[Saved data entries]
Definition F2_to_plane (B : F2 Sorgenfrey) : sorgenfrey_plane :=
  (fst (F2_ends B), psi (fst (F2_ends B)) (snd (F2_ends B))).

Definition plane_to_F2 (p : sorgenfrey_plane) : F2 Sorgenfrey :=
  F2_pair (fst p) (chi (fst p) (snd p)).

Lemma F2_to_plane_continuous : continuous F2_to_plane.
Proof.
  intros V HV. apply F2_open_of_nbhd. intros B HB.
  destruct (F2_ends_spec B) as [Hle _].
  destruct (F2_ends_sorg_nbhd B (fun s t => s <= t -> V (s, psi s t))) as [l [Hl [HBl Himp]]].
  - apply (sorg_nbhd2_graph psi (fun s t => s <= t) (fun s t => V (s, t))).
    + apply psi_right_cont, Hle.
    + apply plane_open_sorg_nbhd; assumption.
  - exists l. repeat split; [assumption | assumption|].
    intros B' HB'. apply (Himp B' HB'), F2_ends_spec.
Qed.

Lemma CL_pair_sorg_nbhd (S : CL_carrier Sorgenfrey -> Prop) x y :
  vietoris_subbase Sorgenfrey S -> S (CL_pair x y) -> sorg_nbhd2 x y (fun s t => S (CL_pair s t)).
Proof.
  intros [U [HU [Hsub|Hmeet]]] HS.
  - pose proof (proj1 (Hsub _) HS) as HxyU.
    assert (Hx : U x) by (apply HxyU; left; reflexivity).
    assert (Hy : U y) by (apply HxyU; right; reflexivity).
    apply (sorg_nbhd2_impl _ _ _ _ (sorg_nbhd2_and _ _ _ _
      (sorg_nbhd2_fst x y _ (sorg_nbhd_open U x HU Hx)) (sorg_nbhd2_snd x y _ (sorg_nbhd_open U y HU Hy)))).
    intros s t _ _ [Hs Ht]. apply (proj2 (Hsub _)). intros r [-> | ->]; assumption.
  - destruct (proj1 (Hmeet _) HS) as [r [[-> | ->] Hr]].
    + apply (sorg_nbhd2_impl _ _ _ _ (sorg_nbhd2_fst x y _ (sorg_nbhd_open U x HU Hr))).
      intros s t _ _ Hs. apply (proj2 (Hmeet _)). exists s. split; [left; reflexivity | exact Hs].
    + apply (sorg_nbhd2_impl _ _ _ _ (sorg_nbhd2_snd x y _ (sorg_nbhd_open U y HU Hr))).
      intros s t _ _ Ht. apply (proj2 (Hmeet _)). exists t. split; [right; reflexivity | exact Ht].
Qed.

Lemma CL_pair_sorg_nbhd_list l x y :
  Forall (vietoris_subbase Sorgenfrey) l -> Forall (fun S => S (CL_pair x y)) l ->
  sorg_nbhd2 x y (fun s t => Forall (fun S => S (CL_pair s t)) l).
Proof.
  induction l as [|S l IH]; intros Hl Hxy.
  - exists 1. split; [lra|]. constructor.
  - inversion Hl as [|? ? HS Hl']; inversion Hxy as [|? ? HSxy Hxy']; subst.
    apply (sorg_nbhd2_impl _ _ _ _ (sorg_nbhd2_and _ _ _ _
      (CL_pair_sorg_nbhd S x y HS HSxy) (IH Hl' Hxy'))).
    intros s t _ _ [Hs Ht]. constructor; assumption.
Qed.

Lemma plane_to_F2_continuous : continuous plane_to_F2.
Proof.
  intros W [V [HV HW]]. apply plane_open_of_sorg_nbhd. intros u w Huw.
  apply HW in Huw. destruct (HV _ Huw) as [l [Hl [Hin Himp]]].
  assert (Hchi : forall eps, 0 < eps ->
            sorg_nbhd2 u w (fun s t => True -> chi u w <= chi s t < chi u w + eps)).
  { intros eps Heps. apply (sorg_nbhd2_impl _ _ _ _ (chi_right_cont u w eps Heps)). auto. }
  apply (sorg_nbhd2_impl _ _ _ _ (sorg_nbhd2_graph chi (fun _ _ => True) _ u w Hchi
           (CL_pair_sorg_nbhd_list l _ _ Hl Hin))).
  intros s t _ _ Hst. apply HW, Himp, Hst. exact I.
Qed.

Lemma F2_sorgenfrey_homeomorphic_plane : homeomorphic (F2 Sorgenfrey) sorgenfrey_plane.
Proof.
  exists F2_to_plane, plane_to_F2. repeat split.
  - intros B. destruct (F2_ends_spec B) as [Hle _].
    unfold F2_to_plane, plane_to_F2. simpl. rewrite chi_psi by exact Hle. apply F2_pair_ends.
  - intros [u w]. unfold F2_to_plane, plane_to_F2. simpl.
    rewrite F2_ends_pair by apply chi_ge. simpl. rewrite psi_chi. reflexivity.
  - apply F2_to_plane_continuous.
  - apply plane_to_F2_continuous.
Qed.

Task requirements:
Look over the entries for "Sorgenfrey", then copy every line that includes that string.

Answer space:
Definition F2_to_plane (B : F2 Sorgenfrey) : sorgenfrey_plane :=
Definition plane_to_F2 (p : sorgenfrey_plane) : F2 Sorgenfrey :=
Lemma CL_pair_sorg_nbhd (S : CL_carrier Sorgenfrey -> Prop) x y :
  vietoris_subbase Sorgenfrey S -> S (CL_pair x y) -> sorg_nbhd2 x y (fun s t => S (CL_pair s t)).
  Forall (vietoris_subbase Sorgenfrey) l -> Forall (fun S => S (CL_pair x y)) l ->
Lemma F2_sorgenfrey_homeomorphic_plane : homeomorphic (F2 Sorgenfrey) sorgenfrey_plane.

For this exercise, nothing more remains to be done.